The point I would have you see in this is that hardship leads to reflection, especially self-reflection. Self-reflection is not easy. But it is right. Because knowing ourselves rightly leads to us living life rightly before God and before our neighbours.

Which brings us to what Jesus teaches us today. Jesus has just warned the crowds about settling debts with our accuser before they drag you to court. “I tell you,” Jesus warns, “you will never get out until you have paid the very last penny” (Luke 12:59). Some come to him and ask, “What about the Galileans Pilate killed while offering their sacrifices to God?”  Were their sacrifices unacceptable? What did they do to deserve that kind of fate?

Jesus does not answer the way we sometimes do. He doesn’t say, “God needed more angels in heaven” or “at least they’re at peace now.” Instead, he says, “Were they worse sinners than you? No.” But they weren’t less either! We are all in the same boat. The Lord allows your sin to hurt me, and my sin to hurt you, in the hopes that at least one, if not both of us, will turn from our sin and live.

Jesus supplies a second example: “Or the eighteen on whom the tower of Siloam fell. What about them?” You’re all in the same boat: creation itself is now subject to evil. The Lord allows the fallen creation to hurt me and you, in the hopes that at least one, if not both of us, will turn back to Jesus and live.

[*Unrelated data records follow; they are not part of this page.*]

Lemma invX_ode r :
  eqmodX m ((S ^+ r)^`()^`() *+ 4) (S ^+ r *+ (r ^ 2) - S ^+ r.+2 *+ (r * r.+1)).
Proof.
(* Differentiating (S^r)' = -r C' S^(r+1) once more. *)
have d2 : eqmodX m (S ^+ r)^`()^`()
    ((- (C^`()^`() * S ^+ r.+1) + C^`() ^+ 2 * S ^+ r.+2 *+ r.+1) *+ r).
  apply: eqmodX_trans (eqmodX_deriv (deriv_invX r)) _.
  rewrite derivMn derivN derivM; apply: eqmodXMn.
  apply: eqmodX_trans_eq (eqmodXN (eqmodXD (eq_eqmodX _ (erefl _))
    (eqmodXMl _ (eqmodX_le (leqnSn _) (deriv_invX r.+1))))) _.
  by rewrite !exprS; ring.
apply: eqmodX_trans (eqmodXMn 4 d2) _.
have -> : (- (C^`()^`() * S ^+ r.+1) + C^`() ^+ 2 * S ^+ r.+2 *+ r.+1) *+ r *+ 4 =
    (- (C^`()^`() *+ 4 * S ^+ r.+1) + C^`() ^+ 2 *+ 4 * S ^+ r.+2 *+ r.+1) *+ r.
  by ring.
(* Replace 4C'' by C and 4C'^2 by C^2 - 1, then C S by 1. *)
have CS1m : eqmodX m (C * S) 1 by apply: eqmodX_le CS1; apply: leqW.
have -> : S ^+ r *+ (r ^ 2) - S ^+ r.+2 *+ (r * r.+1) =
    (- (1 * S ^+ r) + (1 ^+ 2 * S ^+ r - S ^+ r.+2) *+ r.+1) *+ r.
  by rewrite -[r.+1]addn1 expnS expn1; ring.
apply: eqmodX_trans (eqmodXMn _ (eqmodXD (eqmodXN (eqmodXMr _ C_ode))
  (eqmodXMn _ (eqmodXMr _ (eqmodX_le (leqnSn _) hyperbolic_identity))))) _.
have -> : (- (C * S ^+ r.+1) + (C ^+ 2 - 1) * S ^+ r.+2 *+ r.+1) *+ r =
    (- ((C * S) * S ^+ r) + ((C * S) ^+ 2 * S ^+ r - S ^+ r.+2) *+ r.+1) *+ r.
  by rewrite !exprS; ring.
apply: eqmodXMn; apply: eqmodXD (eqmodXN (eqmodXMr _ CS1m)) _.
apply: eqmodXMn; apply: eqmodXD (eq_eqmodX _ (erefl _)).
exact: eqmodXMr (eqmodXX 2 CS1m).
Qed.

Then comes the parable, where the groundskeeper throws more manure around the tree, cutting it, pruning it, giving it time and care to make it bear fruit. This is us, and this is Jesus. Throwing manure around our roots, painfully cutting off branches and dead heading our flowers, that in the end we might bear fruit: “…Love, joy, peace, patience, kindness, goodness, faithfulness, gentleness, self-control” (Galatians 5:22–23, ESV).

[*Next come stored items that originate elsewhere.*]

Lemma fan_distmx_hub (j : 'I_n.+1) :
  D ord0 ord0 = 0 /\ D ord0 (lift ord0 j) = 1 /\ D (lift ord0 j) ord0 = 1.
Proof. by rewrite !mxE !fan_gdist. Qed.

Lemma fan_distmx_path (i j : 'I_n.+1) :
  D (lift ord0 i) (lift ord0 j) = (2 *: const_mx 1 - fanB) i j.
Proof.
rewrite !mxE fan_gdist (inj_eq (@lift_inj _ ord0)) /fan_adj /=.
have [->|i_neq_j] /= := eqVneq i j; first by rewrite gtn_eqF //= mulr1n; ring.
rewrite mulr0n /bump /= !add1n !eqSS (eq_sym (j : nat)) (eq_sym (i : nat)) orbC.
by case: (_ || _); rewrite /=; ring.
Qed.

Lemma fan_qforms (f : 'cV[R]_n.+2) : \sum_i f i 0 = 0 ->
  let v := \row_k f (lift ord0 k) 0 in
  (f^T *m f) 0 0 = qform fanC v /\ (f^T *m D *m f) 0 0 = - qform fanB v.
Proof.
move=> hsum v; have hv k : f (lift ord0 k) 0 = v 0 k by rewrite mxE.
set t := \sum_k v 0 k.
have f0 : f ord0 0 = - t.
  move: hsum; rewrite big_ord_recl (eq_bigr _ (fun k _ => hv k)) -/t.
  by move/eqP; rewrite addr_eq0 => /eqP.
split.
  rewrite qform_fanC mxE big_ord_recl !mxE f0 /sqnorm -/t.
  under eq_bigr do rewrite mxE hv -expr2.
  by rewrite mulrNN -expr2 addrC.
have -> : f^T *m D *m f = f^T *m D *m f^T^T by rewrite trmxK.
rewrite -/(bform D f^T f^T) -/(qform D f^T) qformE big_ord_recl /=.
rewrite (eq_bigr (fun i : 'I_n.+1 => v 0 i * f ord0 0 +
   \sum_(j < n.+1) v 0 i * (2 *: const_mx 1 - fanB) i j * v 0 j)); last first.
  move=> i _; rewrite big_ord_recl; congr (_ + _).
    by have [_ [_ ->]] := fan_distmx_hub i; rewrite !mxE hv mulr1.
  by apply: eq_bigr => j _; rewrite fan_distmx_path !mxE !hv.
rewrite big_split /= -(qformE (2 *: const_mx 1 - fanB) v) qformB qformZ qform_const1 -/t.
rewrite big_ord_recl (eq_bigr (fun j : 'I_n.+1 => f ord0 0 * v 0 j)); last first.
  by move=> j _; have [_ [-> _]] := fan_distmx_hub j; rewrite !mxE hv mulr1.
have [-> _] := fan_distmx_hub ord0.
by rewrite -mulr_sumr -mulr_suml -/t !mxE f0; ring.
Qed.

Lemma QEC_fan : QEC D = rayleigh_sup fanB fanC.
Proof.
rewrite /QEC /rayleigh_sup; congr sup; apply/seteqP; split => y /=.
  move=> [f [f1 fsum ->]]; have [fC fB] := fan_qforms fsum.
  by exists (\row_k f (lift ord0 k) 0); rewrite -fC -fB.
move=> [v [vC1 ->]].
pose f : 'cV[R]_n.+2 := \col_i oapp (fun k => v 0 k) (- \sum_k v 0 k) (unlift ord0 i).
have f0 : f ord0 0 = - \sum_k v 0 k by rewrite mxE unlift_none.
have fl k : f (lift ord0 k) 0 = v 0 k by rewrite mxE liftK.
have fsum : \sum_i f i 0 = 0 by rewrite big_ord_recl f0 (eq_bigr _ (fun k _ => fl k)) addNr.
have fv : \row_k f (lift ord0 k) 0 = v by apply/rowP => k; rewrite mxE fl.
by exists f; have [fC fB] := fan_qforms fsum; rewrite fv in fC fB; rewrite fC fB.
Qed.

Lemma fan_rayleigh_sup_ge : -1 <= rayleigh_sup fanB fanC.
Proof.
have := rayleigh_quotient_le_sup fanB fanC_coercive (delta_mx_neq0 _ 0 (@ord0 n)).
by rewrite !qform_delta !mxE /= mulr1n addr0 mulNr divff // pnatr_eq0.
Qed.

End FanQEC.

Section FanKernel.
Variables (R : realType) (n : nat).
Local Notation K g := (pencil (@fanB R n) (@fanC R n) g).

(* Padding by zeros at [0] and [n.+2] makes every row of [K g] a three-term relation. *)
Definition padded (v : 'rV[R]_n.+1) (m : nat) : R := \sum_(i < n.+1 | i.+1 == m) v 0 i.

Lemma padded0 v : padded v 0 = 0.
Proof. by rewrite /padded big_pred0. Qed.

Lemma padded_out v : padded v n.+2 = 0.
Proof. by rewrite /padded big_pred0 // => i; rewrite eqSS ltn_eqF. Qed.

Lemma padded_lift v (j : 'I_n.+1) : padded v j.+1 = v 0 j.
Proof. by rewrite /padded (big_pred1 j) // => i; rewrite eqSS. Qed.

Lemma mulmx_pencil_fan (w : nat -> R) g (j : 'I_n.+1) : w 0 = 0 -> w n.+2 = 0 ->
  ((\row_i w i.+1) *m K g) 0 j =
    w j + (2 + g) * w j.+1 + w j.+2 + g * \sum_(i < n.+1) w i.+1.
Proof.
move=> w0 wn; set v := \row_i w i.+1.
have pv m : (m <= n.+2)%N -> padded v m = w m.
  case: m => [_|m]; first by rewrite padded0.
  rewrite ltnS leq_eqVlt => /predU1P[->|lt_mn]; first by rewrite padded_out.
  by rewrite (padded_lift v (Ordinal lt_mn)) mxE.
have vA : (v *m path_adjmx R n) 0 j = padded v j + padded v j.+2.
  rewrite mxE /padded [X in _ = X + _]big_mkcond [X in _ = _ + X]big_mkcond -big_split.
  apply: eq_bigr => i _ /=; rewrite /path_adjmx !mxE eqSS (eq_sym (i : nat)).
  have [<-|_] := eqVneq i.+1 j; last by case: eqP; rewrite /= ?mulr1 ?mulr0 add0r.
  by rewrite gtn_eqF // mulr1 addr0.
have vJ : (v *m const_mx 1) 0 j = \sum_i v 0 i.
  by rewrite mxE; apply: eq_bigr => i _; rewrite [const_mx 1 _ _]mxE mulr1.
rewrite /pencil /fanB /fanC mulmxDr -scalemxAr !mulmxDr !mul_mx_scalar.
move: vA vJ; set X := v *m path_adjmx R n; set Y := v *m const_mx 1 => vA vJ.
transitivity (2 * v 0 j + X 0 j + g * (1 * v 0 j + Y 0 j)); first by rewrite !mxE.
have jn := ltn_ord j.
rewrite vA vJ (eq_bigr (fun i : 'I_n.+1 => w i.+1)) => [|i _]; last by rewrite mxE.
by rewrite mxE !pv; [ring | lia..].
Qed.

Lemma row_padded v : \row_i padded v i.+1 = v.
Proof. by apply/rowP => i; rewrite mxE padded_lift. Qed.

Lemma fan_kernel_det (x : R) (v : 'rV[R]_n.+1) :
  v != 0 -> v *m K (- 2 * x - 2) = 0 -> fan_det x n.+1 = 0.
Proof.
move=> v_neq0 vK; set w := padded v; set s := \sum_i v 0 i; set k := 2 * x + 2.
have w0 : w 0 = 0 := padded0 v.
have wn : w n.+2 = 0 := padded_out v.
have wS m : (m < n.+1)%N -> w m.+2 = 2 * x * w m.+1 - w m + k * s.
  move=> lt_mn; have := mulmx_pencil_fan (- 2 * x - 2) (Ordinal lt_mn) w0 wn.
  rewrite row_padded vK mxE /= (eq_bigr (fun i : 'I_n.+1 => v 0 i)) => [E|i _]; last first.
    exact: padded_lift.
  by apply/eqP; rewrite -subr_eq0; apply/eqP; rewrite [RHS]E /k /s; ring.
have wE := cheb_recurrence w0 wS.
have e1 : cheb x n.+2 * w 1%N + k * cheb_sum x n.+2 * s = 0.
  by rewrite -wn (wE n.+2) //; ring.
have sE : s = w 1%N * cheb_sum x n.+2 + k * s * \sum_(i < n.+2) cheb_sum x i.
  rewrite -sum_cheb_comb; apply: eq_bigr => i _.
  by rewrite -(wE i.+1) /w ?padded_lift // ltnS ltnW.
have e2 : cheb_sum x n.+2 * w 1%N + (k * \sum_(i < n.+2) cheb_sum x i - 1) * s = 0.
  by apply/eqP; rewrite mulrBl mul1r addrA subr_eq0 {2}sE; apply/eqP; ring.
apply/eqP; apply: contraNT v_neq0 => det_neq0.
have det_eq : cheb x n.+2 * (k * \sum_(i < n.+2) cheb_sum x i - 1)
    - k * cheb_sum x n.+2 * cheb_sum x n.+2 = fan_det x n.+1 by rewrite /fan_det /k; ring.
have [] := det2_cramer e1 e2; rewrite det_eq => /eqP + /eqP.
rewrite !mulf_eq0 (negbTE det_neq0) /= => /eqP w10 /eqP s0.
apply/eqP/rowP => j; rewrite !mxE -padded_lift -/w (wE j.+1 (leqW (ltn_ord j))).
by rewrite w10 s0; ring.
Qed.

Lemma fan_det_kernel (x : R) : fan_det x n.+1 = 0 ->
  exists2 v : 'rV[R]_n.+1, v != 0 & v *m K (- 2 * x - 2) = 0.
Proof.
move=> det0; set k := 2 * x + 2; set Z := \sum_(i < n.+2) cheb_sum x i.
have det0' : cheb x n.+2 * (k * Z - 1) - k * cheb_sum x n.+2 * cheb_sum x n.+2 = 0.
  by rewrite -det0 /fan_det /k /Z; ring.
have [[p q] /= pq_neq0 [e1 e2]] := det2_kernel det0'.
pose w m := p * cheb x m + k * q * cheb_sum x m.
have w0 : w 0%N = 0 by rewrite /w cheb0 /cheb_sum big_ord0; ring.
have wn : w n.+2 = 0 by rewrite /w -e1; ring.
have sw : \sum_(i < n.+1) w i.+1 = q.
  rewrite sum_cheb_comb -/Z; apply/eqP; rewrite -subr_eq0; apply/eqP.
  by rewrite -[X in _ = X]e2; ring.
exists (\row_i w i.+1).
  apply: contraTneq pq_neq0 => /rowP v0.
  have q0 : q = 0 by rewrite -sw; apply: big1 => i _; have := v0 i; rewrite !mxE.
  have := v0 ord0; rewrite !mxE /w cheb1 /cheb_sum big_ord1 cheb0 q0.
  by rewrite mulr0 mulr1 addr0 => ->; rewrite negbK.
apply/rowP => j; rewrite mulmx_pencil_fan // sw mxE /w chebSS cheb_sumSS /k; ring.
Qed.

Were it not for the hardships of life, for suffering, for trials, for anfechtung, we would walk through life without seeing our own hearts as the Lord sees them: in desperate need of his healing and care. We would not realize how much we are daily in need of the Lord’s help. The salvation of our Lord who would be willing to suffer at our hands that we might be healed in his.

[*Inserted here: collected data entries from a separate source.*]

Lemma B_free_lt alpha Nm Nf lamS Bi B : 0 < Nm -> 0 < Nf ->
  B_free alpha Nm Nf lamS Bi < B ->
  eps_of alpha lamS * Nf * Bi < B * (eps_of alpha lamS * Nf + Nm).
Proof.
  intros HNm HNf HB.
  assert (HEN : 0 < eps_of alpha lamS * Nf + Nm)
    by (pose proof (exp_pos ((1 / alpha - 1) * ln lamS)); unfold eps_of, Rpower; nra).
  apply (Rmult_lt_compat_r (eps_of alpha lamS * Nf + Nm)) in HB; [|lra].
  unfold B_free in HB.
  replace (eps_of alpha lamS * Nf * Bi / (eps_of alpha lamS * Nf + Nm)
           * (eps_of alpha lamS * Nf + Nm)) with (eps_of alpha lamS * Nf * Bi) in HB
    by (field; lra).
  exact HB.
Qed.

Lemma is_NE_own_revenue alpha Nm Nf R0 lamS B1 B2 B10 B20 b1 b2 :
  0 <= B10 -> 0 <= B20 -> is_NE alpha Nm Nf R0 lamS B1 B2 B10 B20 b1 b2 ->
  (forall y, B10 <= y <= B1 ->
     own_revenue alpha R0 Nm Nf lamS B1 (B1 + B2) b2 y
     <= own_revenue alpha R0 Nm Nf lamS B1 (B1 + B2) b2 b1) /\
  (forall y, B20 <= y <= B2 ->
     own_revenue alpha R0 Nm Nf lamS B2 (B1 + B2) b1 y
     <= own_revenue alpha R0 Nm Nf lamS B2 (B1 + B2) b1 b2).
Proof.
  intros HB10 HB20 [Hb1 [Hb2 [BR1 BR2]]].
  split; intros y Hy.
  - rewrite <- !S1_own_revenue by lra. now apply BR1.
  - rewrite <- !S2_own_revenue by lra. now apply BR2.
Qed.

Lemma best_responses_infeasible_above_floor alpha Nm Nf R0 lamS B1 B2 B10 B20 b1 b2 :
  0 < alpha < 1 -> 0 < Nm -> 0 < Nf -> 0 < R0 -> 0 < lamS -> 0 < B1 -> 0 < B2 ->
  0 <= B10 -> B10 <= b1 <= B1 -> 0 <= B20 -> B20 < b2 <= B2 -> b1 + b2 < B1 + B2 ->
  B10 * (eps_of alpha lamS * Nf + Nm) <= eps_of alpha lamS * Nf * B1 ->
  eps_of alpha lamS * Nf * B2 < b2 * (eps_of alpha lamS * Nf + Nm) ->
  (forall y, B10 <= y <= B1 ->
     own_revenue alpha R0 Nm Nf lamS B1 (B1 + B2) b2 y
     <= own_revenue alpha R0 Nm Nf lamS B1 (B1 + B2) b2 b1) ->
  (forall y, B20 <= y <= B2 ->
     own_revenue alpha R0 Nm Nf lamS B2 (B1 + B2) b1 y
     <= own_revenue alpha R0 Nm Nf lamS B2 (B1 + B2) b1 b2) ->
  False.
Proof.
  intros Ha HNm HNf HR0 Hlam HB1 HB2 HB10 Hb1 HB20 Hb2 Hslack Hfree1 Hfree2 BR1 BR2.
  destruct (own_revenue_marginal_sign alpha R0 Nm Nf lamS B2 (B1 + B2) b1 b2 B20 B2)
    as [FOC2 _]; try lra; try exact BR2.
  destruct (own_revenue_marginal_sign alpha R0 Nm Nf lamS B1 (B1 + B2) b2 b1 B10 B1)
    as [FOC1lo FOC1hi]; try lra; try exact BR1.
  unfold own_marginal in FOC2, FOC1lo, FOC1hi.
  rewrite (Rplus_comm b2 b1) in FOC1lo, FOC1hi.
  replace (B1 + B2 - b2 - b1) with (B1 + B2 - b1 - b2) in FOC1lo, FOC1hi by ring.
  assert (Heps : 0 < eps_of alpha lamS) by apply exp_pos.
  apply (first_order_conditions_infeasible alpha
    (small_price alpha R0 Nf lamS (b1 + b2)) (macro_price alpha R0 Nm (B1 + B2 - b1 - b2))
    (eps_of alpha lamS * Nf) Nm B1 B2 B10 b1 b2 (b1 + b2) (B1 + B2 - b1 - b2)); try lra.
  - apply exp_pos.
  - nra.
  - intro Hs. apply small_price_lt_macro_price; lra.
Qed.

Theorem proposition2 (alpha Nm Nf R0 lamS B1 B2 B10 B20 b1 b2 : R) :
  0 < alpha < 1 -> 0 < Nm -> 0 < Nf -> 0 < R0 -> 1 < lamS ->
  0 < B1 -> 0 < B2 -> 0 <= B10 <= B1 -> 0 <= B20 <= B2 ->
  B10 <= B_free alpha Nm Nf lamS B1 ->
  B_free alpha Nm Nf lamS B2 < B20 ->
  is_NE alpha Nm Nf R0 lamS B1 B2 B10 B20 b1 b2 ->
  b2 = B20 /\ (b1 = B10 \/ B10 < b1).
Proof.
  intros Ha HNm HNf HR0 Hlam HB1 HB2 HB10 HB20 Hfree1 Hfree2 HNE.
  destruct (is_NE_own_revenue alpha Nm Nf R0 lamS B1 B2 B10 B20 b1 b2) as [BR1 BR2];
    try easy; try lra.
  destruct HNE as [Hb1 [Hb2 _]].
  split; [| destruct (Rle_lt_or_eq_dec _ _ (proj1 Hb1)); auto].
  apply Rle_antisym; [apply Rnot_lt_le; intro Hlt | lra].
  destruct (Rle_lt_or_eq_dec (b1 + b2) (B1 + B2) ltac:(lra)) as [Hslack | Hfull].
  - apply (best_responses_infeasible_above_floor alpha Nm Nf R0 lamS B1 B2 B10 B20 b1 b2);
      try easy; try lra.
    + now apply le_B_free.
    + apply B_free_lt; lra.
  - replace b1 with B1 in BR2 by lra. replace b2 with B2 in BR2 by lra.
    destruct (own_revenue_improvable_at_full alpha R0 Nm Nf lamS B2 B1 B20)
      as [y [Hy Hgain]]; try lra.
    specialize (BR2 y ltac:(lra)). lra.
Qed.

For if anyone is a hearer of the word and not a doer, he is like a man who looks intently at his natural face in a mirror.  For he looks at himself and goes away and at once forgets what he was like. (James 1:23–24, ESV)

Prayer and meditation – yes. But do not discount suffering. Your gardener and physician, Jesus our Lord, is working on you. Drawing you closer to himself, strengthening your faith, humbling your heart, so he might exalt you. So that through his cross and suffering, and now your cross and suffering, you might be saved forever. Amen.